■ **Saved data entries**
__________

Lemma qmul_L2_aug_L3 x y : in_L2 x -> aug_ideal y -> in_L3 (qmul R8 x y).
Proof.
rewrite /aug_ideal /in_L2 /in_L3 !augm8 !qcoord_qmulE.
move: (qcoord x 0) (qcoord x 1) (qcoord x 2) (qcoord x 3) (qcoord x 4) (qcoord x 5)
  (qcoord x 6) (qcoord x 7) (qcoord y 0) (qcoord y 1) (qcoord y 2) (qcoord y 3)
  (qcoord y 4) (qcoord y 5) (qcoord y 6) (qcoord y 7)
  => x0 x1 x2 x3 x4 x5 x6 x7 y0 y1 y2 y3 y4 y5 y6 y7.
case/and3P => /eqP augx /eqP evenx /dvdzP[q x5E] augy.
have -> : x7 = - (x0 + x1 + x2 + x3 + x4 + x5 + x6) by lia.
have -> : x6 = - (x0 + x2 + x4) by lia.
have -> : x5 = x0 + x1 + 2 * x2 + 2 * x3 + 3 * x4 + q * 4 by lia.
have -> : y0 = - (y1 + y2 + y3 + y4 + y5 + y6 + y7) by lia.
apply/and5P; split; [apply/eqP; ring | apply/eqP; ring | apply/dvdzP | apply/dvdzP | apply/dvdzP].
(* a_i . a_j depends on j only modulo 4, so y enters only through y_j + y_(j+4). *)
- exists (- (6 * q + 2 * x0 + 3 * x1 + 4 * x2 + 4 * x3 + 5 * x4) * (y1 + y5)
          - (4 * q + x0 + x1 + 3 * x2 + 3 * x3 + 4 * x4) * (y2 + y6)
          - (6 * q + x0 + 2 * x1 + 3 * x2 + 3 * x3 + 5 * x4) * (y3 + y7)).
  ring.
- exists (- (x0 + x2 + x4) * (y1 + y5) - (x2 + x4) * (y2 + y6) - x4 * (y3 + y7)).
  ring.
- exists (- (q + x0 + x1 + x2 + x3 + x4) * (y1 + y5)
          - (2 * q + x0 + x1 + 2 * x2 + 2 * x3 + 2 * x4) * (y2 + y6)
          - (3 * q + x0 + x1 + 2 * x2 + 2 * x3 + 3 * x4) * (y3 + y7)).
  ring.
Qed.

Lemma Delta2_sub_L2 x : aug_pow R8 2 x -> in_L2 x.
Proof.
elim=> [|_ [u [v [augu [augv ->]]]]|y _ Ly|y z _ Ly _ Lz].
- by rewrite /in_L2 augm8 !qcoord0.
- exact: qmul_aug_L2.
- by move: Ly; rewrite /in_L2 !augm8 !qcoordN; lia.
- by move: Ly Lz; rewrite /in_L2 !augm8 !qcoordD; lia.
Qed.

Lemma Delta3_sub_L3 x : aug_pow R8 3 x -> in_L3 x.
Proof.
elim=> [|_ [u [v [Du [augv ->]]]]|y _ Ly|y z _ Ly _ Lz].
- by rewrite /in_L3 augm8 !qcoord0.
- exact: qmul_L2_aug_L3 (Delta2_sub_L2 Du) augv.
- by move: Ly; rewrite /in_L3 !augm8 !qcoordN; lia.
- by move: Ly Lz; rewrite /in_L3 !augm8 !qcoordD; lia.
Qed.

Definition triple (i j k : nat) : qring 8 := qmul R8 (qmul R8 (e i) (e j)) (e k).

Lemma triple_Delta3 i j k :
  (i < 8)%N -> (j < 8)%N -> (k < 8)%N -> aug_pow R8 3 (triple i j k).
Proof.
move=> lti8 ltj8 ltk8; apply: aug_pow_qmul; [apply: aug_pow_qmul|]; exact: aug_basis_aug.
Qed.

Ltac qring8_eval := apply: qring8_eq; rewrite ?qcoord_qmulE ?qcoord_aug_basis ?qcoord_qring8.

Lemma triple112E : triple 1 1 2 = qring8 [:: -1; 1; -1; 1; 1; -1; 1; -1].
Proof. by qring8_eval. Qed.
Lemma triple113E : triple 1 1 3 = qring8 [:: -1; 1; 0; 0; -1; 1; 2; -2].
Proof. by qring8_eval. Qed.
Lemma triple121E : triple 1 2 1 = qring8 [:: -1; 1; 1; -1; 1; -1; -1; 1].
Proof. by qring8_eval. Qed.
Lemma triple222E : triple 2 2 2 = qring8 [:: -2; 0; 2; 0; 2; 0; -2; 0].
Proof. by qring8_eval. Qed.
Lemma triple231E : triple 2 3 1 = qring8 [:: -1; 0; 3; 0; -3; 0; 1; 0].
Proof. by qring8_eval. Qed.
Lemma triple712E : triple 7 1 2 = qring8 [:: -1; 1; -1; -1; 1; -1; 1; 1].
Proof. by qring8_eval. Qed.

__________

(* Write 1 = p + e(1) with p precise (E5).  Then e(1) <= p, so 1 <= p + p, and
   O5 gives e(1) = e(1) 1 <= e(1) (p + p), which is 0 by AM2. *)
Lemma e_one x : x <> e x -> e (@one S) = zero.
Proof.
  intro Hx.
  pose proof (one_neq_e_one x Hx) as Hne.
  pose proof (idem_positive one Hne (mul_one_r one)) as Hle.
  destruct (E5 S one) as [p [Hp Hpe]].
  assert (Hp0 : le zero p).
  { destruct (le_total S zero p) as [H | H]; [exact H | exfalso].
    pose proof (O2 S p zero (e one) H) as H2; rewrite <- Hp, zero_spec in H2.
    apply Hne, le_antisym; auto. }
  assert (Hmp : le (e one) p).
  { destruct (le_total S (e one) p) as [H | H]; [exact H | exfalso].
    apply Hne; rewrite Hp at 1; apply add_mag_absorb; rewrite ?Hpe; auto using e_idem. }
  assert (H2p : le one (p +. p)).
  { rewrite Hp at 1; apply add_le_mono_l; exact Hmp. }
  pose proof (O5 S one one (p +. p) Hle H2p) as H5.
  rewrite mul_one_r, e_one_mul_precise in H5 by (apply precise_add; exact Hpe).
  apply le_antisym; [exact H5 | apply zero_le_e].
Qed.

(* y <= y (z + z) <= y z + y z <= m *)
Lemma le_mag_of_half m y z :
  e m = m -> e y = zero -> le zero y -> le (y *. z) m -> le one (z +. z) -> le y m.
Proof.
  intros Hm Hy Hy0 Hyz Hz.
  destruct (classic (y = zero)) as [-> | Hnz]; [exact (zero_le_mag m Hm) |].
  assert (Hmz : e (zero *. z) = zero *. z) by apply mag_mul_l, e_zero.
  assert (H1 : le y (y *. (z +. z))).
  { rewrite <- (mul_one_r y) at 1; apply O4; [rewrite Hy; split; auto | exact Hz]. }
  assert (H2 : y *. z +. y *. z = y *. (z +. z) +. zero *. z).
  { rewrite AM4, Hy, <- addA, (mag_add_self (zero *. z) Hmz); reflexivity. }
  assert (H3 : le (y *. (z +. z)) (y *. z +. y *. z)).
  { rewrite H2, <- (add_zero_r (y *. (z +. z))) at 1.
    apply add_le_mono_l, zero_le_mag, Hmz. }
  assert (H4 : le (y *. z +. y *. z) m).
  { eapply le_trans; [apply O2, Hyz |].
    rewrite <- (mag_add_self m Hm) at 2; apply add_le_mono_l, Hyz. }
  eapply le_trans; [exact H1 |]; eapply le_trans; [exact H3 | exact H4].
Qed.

__________

Find the string "auto" in the records, then copy each line where it occurs.

■ **PROBLEM SOLUTION**
    apply Hne, le_antisym; auto. }
    apply Hne; rewrite Hp at 1; apply add_mag_absorb; rewrite ?Hpe; auto using e_idem. }
  { rewrite <- (mul_one_r y) at 1; apply O4; [rewrite Hy; split; auto | exact Hz]. }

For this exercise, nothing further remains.